My daughters are both three years old and love to be outside in my yard. The yard consists of several different levels and gardens. However, I did save a patch of grass about ten feet wide, which runs down a slope. This patch is where the winter sledding is done, and the summer water slide is set up.
The original Slip and Slide was made by the Wham-O Co. These are the same folks who brought you the Hula Hoop and the Frisbee. The idea behind the Slip and Slide was as simple as those two iconic toys. There is a strip of vinyl terminating at a small pool. You attach your garden hose to the strip of vinyl and water is fed through holes making the vinyl slippery. Eventually water collects at the end in the pool area. This is a very simple toy and one which brings hours of enjoyment to the kids. One problem it does have is that it simply does not hold up.
Even with my three year olds a Slip and Slide takes a beating. The kids run and jump on the slide taking it with them if there is not enough water. If the kids try and hold onto the sides as they slide down the vinyl will rip. The pool, which you have blown up at the end takes the most beating. Each time a child slides down they crash into the pool’s sides. Soon that vinyl is ripped. Then parents have a hard time ignoring the fun and often will join the kids sliding down the water. I have spent too much money on Slip and Slides which sometime did not hold up for even one play period. The solution was to make my own.

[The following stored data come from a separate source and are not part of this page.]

(* Let $\mathcal G$ be a constructor GRS over a finite signature $\mathcal F$ that is precedence terminating with argument separation, and let $G_0\in\mathcal{TG}(\mathcal F)$ be a closed basic term graph. If $G_0\to_{\mathcal G}^{*}G$, then for any nodes $v\in\mathrm{SP}_G$ and $u\in\mathrm{nrm}(v)$ we have $G{\restriction}u\sqsubset_{\mathrm{nrm}}G_0$; that is, $G{\restriction}u$ is a sub-term graph (with the same nodes, labels and successors) of $G_0{\restriction}w$ for some $w\in\mathrm{nrm}(\rho_{G_0})$.
   Context: Term graphs. $\mathcal F=\mathcal C\cup\mathcal D$ is a finite signature (constructors and defined symbols, disjoint) with arity function $\mathrm{ar}$. A labeled graph consists of a finite acyclic directed graph $(V_G,E_G)$, a partial labeling $\mathrm{lab}_G:V_G\to\mathcal F$ and a successor function $\mathrm{att}_G:V_G\to V_G^*$ such that $\mathrm{att}_G(v)$ has length $\mathrm{ar}(\mathrm{lab}_G(v))$ if $v$ is labeled and is empty otherwise, and the set of entries of $\mathrm{att}_G(v)$ equals $\{u:(v,u)\in E_G\}$. Unlabeled nodes act as variables. A term graph additionally has a root $\rho_G$ from which every node is reachable; $\mathcal{TG}(\mathcal F)$ is the set of term graphs over $\mathcal F$ and $\mathcal{TG}(\mathcal C)$ those whose labeled nodes carry constructors. $G{\restriction}v$ is the sub-term graph of nodes reachable from $v$, rooted at $v$; $H\subseteq G$ means $H=G{\restriction}v$ for some $v$. $G$ is closed if every node is labeled; basic if $\mathrm{lab}_G(\rho_G)\in\mathcal D$ and $G{\restriction}v\in\mathcal{TG}(\mathcal C)$ for every successor $v$ of $\rho_G$. Argument separation. The argument positions of each $f\in\mathcal F$ are split into normal and safe ones; constructors have only safe positions; nodes with the same label have the same separation. $\mathrm{nrm}(v)$ (resp. $\mathrm{safe}(v)$) is the set of successors of $v$ at normal (resp. safe) positions. $H\sqsubset_{\mathrm{nrm}}G$ means $H\subseteq G{\restriction}v$ for some $v\in\mathrm{nrm}(\rho_G)$. Rewriting. Homomorphisms of labeled graphs preserve labels, successor sequences at labeled nodes (nothing required at unlabeled nodes), and the normal/safe split; homomorphisms of term graphs also map root to root. A graph rewrite rule $(K,l,r)$ is a labeled graph $K$ with distinct nodes $l,r$ such that every unlabeled node of $K{\restriction}r$ lies in $K{\restriction}l$; it is a constructor rule if $K{\restriction}l$ is basic. A GRS is a (possibly infinite) set of rules; a constructor GRS consists of constructor rules. For a rule $(K,l,r)$ and homomorphism $\varphi:K{\restriction}l\to G$, the rewrite step $G\to_{\mathcal G}H$ is the standard build/redirection/garbage-collection step: the labeled part of $K{\restriction}r$ not in $K{\restriction}l$ is freshly copied into $G$ (unlabeled nodes mapped via $\varphi$), edges into $\varphi(l)$ (and the root, if it is $\varphi(l)$) are redirected to the image of $r$, and unreachable nodes are removed; other nodes keep their identity. $\to^*_{\mathcal G}$ is the reflexive-transitive closure. Precedence termination with argument separation. A precedence $\sqsubset$ is a well-founded strict partial order on $\mathcal F$ with all constructors minimal. $H\sqsubset_{\mathrm{pt}}G$ holds if $\mathrm{lab}_H(v)\sqsubset\mathrm{lab}_G(\rho_G)$ for every labeled node $v$ of $H$ and either (1) $H=G{\restriction}u$ or $H\sqsubset_{\mathrm{pt}}G{\restriction}u$ for some successor $u$ of $\rho_G$; or (2) $\rho_H$ is labeled, $H{\restriction}v\sqsubset_{\mathrm{nrm}}G$ for each $v\in\mathrm{nrm}(\rho_H)$, and $H{\restriction}v\sqsubset_{\mathrm{pt}}G$ for each $v\in\mathrm{safe}(\rho_H)$. A GRS is precedence terminating with argument separation if for some argument separation and precedence, $K{\restriction}r\sqsubset_{\mathrm{pt}}K{\restriction}l$ for every rule $(K,l,r)$. Safe paths. A path (sequence of nodes each a successor of the previous) is safe if each next node is a safe successor of the previous; $\mathrm{SP}_G$ is the set of nodes lying on a safe path from $\rho_G$ (including $\rho_G$). *)

From mathcomp Require Import all_boot.
Set Implicit Arguments.
Unset Strict Implicit.
Unset Printing Implicit Defensive.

My homemade water slide is so simple, it even beats out the Frisbee for simplicity in design. First is to purchase a roll of 4 Mill plastic sheeting at your local hardware or home improvement center. You will find it in the paint department. I buy the 100′ by 20′ roll since my slope is long. Next is to check your scrap lumber pile for a piece of wood which is between 2′ to 4′ long, 10″ to 12″ wide and at least a half inch thick. I used a piece of offal plywood. If you do not have a scrap lumber pile go to your local home center and ask them. They often have a box of wood by their saw which they are willing to part with.
Next is to roll out the plastic where you want the water slide. Remember that the hose will be running for a long time in one area so choose your spot carefully. Cut the plastic to the length you want but make it at least 30″ long. Mine is the full 100′. Unfold the end ten feet of the slide to the full ten foot width and bunch up the bottom to make a lip which will hold water. Leave the rest of the roll doubled up or about two feet across.
The most important part comes next. Roll about five to ten feet of plastic onto your board at the starting end. Purchase a Y turn off for the end of your hose. Place this Y in the center of your slide under the board and rolled up plastic but on top of the slide. Turn on one side and allow the water to flow down the slide.
Your slide is now ready for hours of carefree use. The children will not trip on anything sticking out like a hose connection. There are no stakes or other means of holding the plastic. The water will do the job for you. Best of all you have spent less than ten dollars and have a water slide which will last for years.